WHAT YOU ARE ASKED TO DO: All entries are to be given again verbatim.
________
Lemma cov_asym (x y : T) : cov x y -> ~~ cov y x.
Proof.
case/orP=> /existsP[k /and4P[lk uk /eqP Ek ok]]; apply/negP;
  case/orP=> /existsP[k' /and4P[lk' uk' /eqP Ek' ok']]; try by move: Ek Ek'; lia.
  by move: ok; rewrite (fa_block_unique lk uk lk' uk') ok'.
by move: ok'; rewrite (fa_block_unique lk' uk' lk uk) ok.
Qed.

Lemma adjacent_dist (x y : T) :
  (y == x) || adjacent cov x y -> (x <= y.+1)%N /\ (y <= x.+1)%N.
Proof. by case/orP=> [/eqP-> | /orP[] /cov_adjacent[]]; lia. Qed.

Lemma cov_crosses_up (x y u v : T) : connect cov x y ->
  (x <= u)%N -> (u < y)%N -> v = u.+1 :> nat -> cov u v.
Proof.
move=> xy xu uy vu; have nyu : ~~ (y <= u)%N by rewrite -ltnNge.
have [u' [v' [_ cuv _ /= u'u]]] :=
  connect_exit (P := [pred z : T | (z <= u)%N]) xy xu nyu.
rewrite -ltnNge => uv'; have [Ev|Eu] := cov_adjacent cuv; last by lia.
by have [-> ->] : u = u' /\ v = v' by split; apply: ord_inj; lia.
Qed.

Lemma cov_crosses_down (x y u v : T) : connect cov x y ->
  (y <= u)%N -> (u < x)%N -> v = u.+1 :> nat -> cov v u.
Proof.
move=> xy yu ux vu; have nyu : ~~ (u < y)%N by rewrite -leqNgt.
have [u' [v' [_ cuv _ /= uu' /negbTE]]] :=
  connect_exit (P := [pred z : T | (u < z)%N]) xy ux nyu.
rewrite ltnNge => /negbFE v'u; have [Ev|Eu] := cov_adjacent cuv; first by lia.
by have [-> ->] : v = u' /\ u = v' by split; apply: ord_inj; lia.
Qed.

Lemma cov_acyclic (x y : T) : cov x y -> ~~ connect cov y x.
Proof.
move=> cxy; apply/negP => yx; suff : cov y x by apply/negP: (cov_asym cxy).
have [E|E] := cov_adjacent cxy.
  by apply: (cov_crosses_down yx (leqnn _) _ E); rewrite E.
by apply: (cov_crosses_up yx (leqnn _) _ E); rewrite E.
Qed.

Definition turn (a s b : T) := (cov a s && cov b s) || (cov s a && cov s b).

Lemma adjacent_pred_succ (a s b r : T) :
  s = a.+1 :> nat -> b = s.+1 :> nat -> adjacent cov s r -> r = a \/ r = b.
Proof. by move=> sa bs /orP[] /cov_adjacent[] E; [right|left|left|right]; apply: ord_inj; lia. Qed.

Lemma turn_incomparable (a s b : T) : s = a.+1 :> nat -> b = s.+1 :> nat -> turn a s b ->
  ~~ connect cov a b /\ ~~ connect cov b a.
Proof.
move=> sa bs turn_s; have no_2cycle x y : cov x y -> cov y x -> False by move=> /cov_asym/negP.
split; apply/negP => conn.
  have cas : cov a s by apply: (cov_crosses_up conn _ _ sa); lia.
  have csb : cov s b by apply: (cov_crosses_up conn _ _ bs); lia.
  by case/orP: turn_s => /andP[h1 h2]; [apply: no_2cycle csb h2 | apply: no_2cycle cas h1].
have csa : cov s a by apply: (cov_crosses_down conn _ _ sa); lia.
have cbs : cov b s by apply: (cov_crosses_down conn _ _ bs); lia.
by case/orP: turn_s => /andP[h1 h2]; [apply: no_2cycle csa h1 | apply: no_2cycle cbs h2].
Qed.

Lemma togT_toggle (R : numDomainType) (I : JF alpha) q : togT R alpha q I = toggle cov (val I) q.
Proof.
rewrite /togT /in_min_compl /in_max /fle.
by rewrite (addable_connectE cov_acyclic _ (valP I)) (removable_connectE cov_acyclic _ (valP I)).
Qed.

(* [shared i] is the index of s_(i+1) = x_(a_(i+1)) in ['I_n]; the point x_j has index j - 1. *)
Definition shared i := (fa alpha i.+1).-1.

Definition shared_weight (V : nmodType) (b : 'I_t.-1 -> V) (q : T) : V :=
  \sum_(i < t.-1 | q == shared i :> nat) b i.

Lemma sum_chi_shared (R : numDomainType) (b : 'I_t.-1 -> R) (I : JF alpha) :
  \sum_(i < t.-1) b i * chi_shared R alpha i.+1 I = \sum_(q in val I) shared_weight b q.
Proof.
under [RHS]eq_bigr do rewrite /shared_weight big_mkcond.
rewrite exchange_big; apply: eq_bigr => i _ /=; rewrite /chi_shared.
case: exists_inP => [[q qI /eqP Eq] | none]; last first.
  by rewrite mulr0 big1 // => q qI; case: eqP => // Eq; case: none; exists q => //; apply/eqP.
have Eq' : q = shared i :> nat := Eq.
rewrite mulr1 (bigD1 q) //= Eq' eqxx big1 ?addr0 // => r /andP[_ rq].
by case: eqP => // Er; case/eqP: rq; apply: ord_inj; rewrite Er Eq'.
Qed.

Section Shared.
Hypothesis Ht : (2 <= t)%N.
Hypothesis Hpos : all (fun k => 0 < k)%N alpha.
Hypothesis Hfirst : (2 <= head 0 alpha)%N.
Hypothesis Hlast : (2 <= last 0 alpha)%N.

Lemma fa_ltS k : (k < t)%N -> (fa alpha k < fa alpha k.+1)%N.
Proof. by move=> kt; rewrite fa_succ //; have := (all_nthP 0%N Hpos) k kt; lia. Qed.

Lemma shared_bounds i : (i < t.-1)%N -> (0 < shared i)%N /\ ((shared i).+1 < n)%N.
Proof.
move=> it; have fa1 : fa alpha 1 = head 0%N alpha by rewrite fa_succ ?nth0 /fa ?take0 //; lia.
have fa_last : (fa alpha t.-1 + last 0%N alpha)%N = sumn alpha.
  by rewrite -nth_last -fa_succ ?prednK /fa ?take_size //; lia.
have := @fa_mono 1 i.+1 isT; have := @fa_mono i.+1 t.-1 it.
rewrite /shared /fn; lia.
Qed.

Lemma shared_inj i j : (i < t.-1)%N -> (j < t.-1)%N -> shared i = shared j -> i = j.
Proof.
move=> it jt; have [si_gt0 _] := shared_bounds it; have [sj_gt0 _] := shared_bounds jt.
move: si_gt0 sj_gt0; rewrite /shared.
case: (ltngtP i j) => // [ij | ji].
  have iS : (i.+1 < t)%N by lia.
  by have := fa_ltS iS; have := @fa_mono i.+2 j.+1 ij; lia.
have jS : (j.+1 < t)%N by lia.
by have := fa_ltS jS; have := @fa_mono j.+2 i.+1 ji; lia.
Qed.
________
PROBLEM SOLUTION:
Lemma cov_asym (x y : T) : cov x y -> ~~ cov y x.
Proof.
case/orP=> /existsP[k /and4P[lk uk /eqP Ek ok]]; apply/negP;
  case/orP=> /existsP[k' /and4P[lk' uk' /eqP Ek' ok']]; try by move: Ek Ek'; lia.
  by move: ok; rewrite (fa_block_unique lk uk lk' uk') ok'.
by move: ok'; rewrite (fa_block_unique lk' uk' lk uk) ok.
Qed.

Lemma adjacent_dist (x y : T) :
  (y == x) || adjacent cov x y -> (x <= y.+1)%N /\ (y <= x.+1)%N.
Proof. by case/orP=> [/eqP-> | /orP[] /cov_adjacent[]]; lia. Qed.

Lemma cov_crosses_up (x y u v : T) : connect cov x y ->
  (x <= u)%N -> (u < y)%N -> v = u.+1 :> nat -> cov u v.
Proof.
move=> xy xu uy vu; have nyu : ~~ (y <= u)%N by rewrite -ltnNge.
have [u' [v' [_ cuv _ /= u'u]]] :=
  connect_exit (P := [pred z : T | (z <= u)%N]) xy xu nyu.
rewrite -ltnNge => uv'; have [Ev|Eu] := cov_adjacent cuv; last by lia.
by have [-> ->] : u = u' /\ v = v' by split; apply: ord_inj; lia.
Qed.

Lemma cov_crosses_down (x y u v : T) : connect cov x y ->
  (y <= u)%N -> (u < x)%N -> v = u.+1 :> nat -> cov v u.
Proof.
move=> xy yu ux vu; have nyu : ~~ (u < y)%N by rewrite -leqNgt.
have [u' [v' [_ cuv _ /= uu' /negbTE]]] :=
  connect_exit (P := [pred z : T | (u < z)%N]) xy ux nyu.
rewrite ltnNge => /negbFE v'u; have [Ev|Eu] := cov_adjacent cuv; first by lia.
by have [-> ->] : v = u' /\ u = v' by split; apply: ord_inj; lia.
Qed.

Lemma cov_acyclic (x y : T) : cov x y -> ~~ connect cov y x.
Proof.
move=> cxy; apply/negP => yx; suff : cov y x by apply/negP: (cov_asym cxy).
have [E|E] := cov_adjacent cxy.
  by apply: (cov_crosses_down yx (leqnn _) _ E); rewrite E.
by apply: (cov_crosses_up yx (leqnn _) _ E); rewrite E.
Qed.

Definition turn (a s b : T) := (cov a s && cov b s) || (cov s a && cov s b).

Lemma adjacent_pred_succ (a s b r : T) :
  s = a.+1 :> nat -> b = s.+1 :> nat -> adjacent cov s r -> r = a \/ r = b.
Proof. by move=> sa bs /orP[] /cov_adjacent[] E; [right|left|left|right]; apply: ord_inj; lia. Qed.

Lemma turn_incomparable (a s b : T) : s = a.+1 :> nat -> b = s.+1 :> nat -> turn a s b ->
  ~~ connect cov a b /\ ~~ connect cov b a.
Proof.
move=> sa bs turn_s; have no_2cycle x y : cov x y -> cov y x -> False by move=> /cov_asym/negP.
split; apply/negP => conn.
  have cas : cov a s by apply: (cov_crosses_up conn _ _ sa); lia.
  have csb : cov s b by apply: (cov_crosses_up conn _ _ bs); lia.
  by case/orP: turn_s => /andP[h1 h2]; [apply: no_2cycle csb h2 | apply: no_2cycle cas h1].
have csa : cov s a by apply: (cov_crosses_down conn _ _ sa); lia.
have cbs : cov b s by apply: (cov_crosses_down conn _ _ bs); lia.
by case/orP: turn_s => /andP[h1 h2]; [apply: no_2cycle csa h1 | apply: no_2cycle cbs h2].
Qed.

Lemma togT_toggle (R : numDomainType) (I : JF alpha) q : togT R alpha q I = toggle cov (val I) q.
Proof.
rewrite /togT /in_min_compl /in_max /fle.
by rewrite (addable_connectE cov_acyclic _ (valP I)) (removable_connectE cov_acyclic _ (valP I)).
Qed.

(* [shared i] is the index of s_(i+1) = x_(a_(i+1)) in ['I_n]; the point x_j has index j - 1. *)
Definition shared i := (fa alpha i.+1).-1.

Definition shared_weight (V : nmodType) (b : 'I_t.-1 -> V) (q : T) : V :=
  \sum_(i < t.-1 | q == shared i :> nat) b i.

Lemma sum_chi_shared (R : numDomainType) (b : 'I_t.-1 -> R) (I : JF alpha) :
  \sum_(i < t.-1) b i * chi_shared R alpha i.+1 I = \sum_(q in val I) shared_weight b q.
Proof.
under [RHS]eq_bigr do rewrite /shared_weight big_mkcond.
rewrite exchange_big; apply: eq_bigr => i _ /=; rewrite /chi_shared.
case: exists_inP => [[q qI /eqP Eq] | none]; last first.
  by rewrite mulr0 big1 // => q qI; case: eqP => // Eq; case: none; exists q => //; apply/eqP.
have Eq' : q = shared i :> nat := Eq.
rewrite mulr1 (bigD1 q) //= Eq' eqxx big1 ?addr0 // => r /andP[_ rq].
by case: eqP => // Er; case/eqP: rq; apply: ord_inj; rewrite Er Eq'.
Qed.

Section Shared.
Hypothesis Ht : (2 <= t)%N.
Hypothesis Hpos : all (fun k => 0 < k)%N alpha.
Hypothesis Hfirst : (2 <= head 0 alpha)%N.
Hypothesis Hlast : (2 <= last 0 alpha)%N.

Lemma fa_ltS k : (k < t)%N -> (fa alpha k < fa alpha k.+1)%N.
Proof. by move=> kt; rewrite fa_succ //; have := (all_nthP 0%N Hpos) k kt; lia. Qed.

Lemma shared_bounds i : (i < t.-1)%N -> (0 < shared i)%N /\ ((shared i).+1 < n)%N.
Proof.
move=> it; have fa1 : fa alpha 1 = head 0%N alpha by rewrite fa_succ ?nth0 /fa ?take0 //; lia.
have fa_last : (fa alpha t.-1 + last 0%N alpha)%N = sumn alpha.
  by rewrite -nth_last -fa_succ ?prednK /fa ?take_size //; lia.
have := @fa_mono 1 i.+1 isT; have := @fa_mono i.+1 t.-1 it.
rewrite /shared /fn; lia.
Qed.

Lemma shared_inj i j : (i < t.-1)%N -> (j < t.-1)%N -> shared i = shared j -> i = j.
Proof.
move=> it jt; have [si_gt0 _] := shared_bounds it; have [sj_gt0 _] := shared_bounds jt.
move: si_gt0 sj_gt0; rewrite /shared.
case: (ltngtP i j) => // [ij | ji].
  have iS : (i.+1 < t)%N by lia.
  by have := fa_ltS iS; have := @fa_mono i.+2 j.+1 ij; lia.
have jS : (j.+1 < t)%N by lia.
by have := fa_ltS jS; have := @fa_mono j.+2 i.+1 ji; lia.
Qed.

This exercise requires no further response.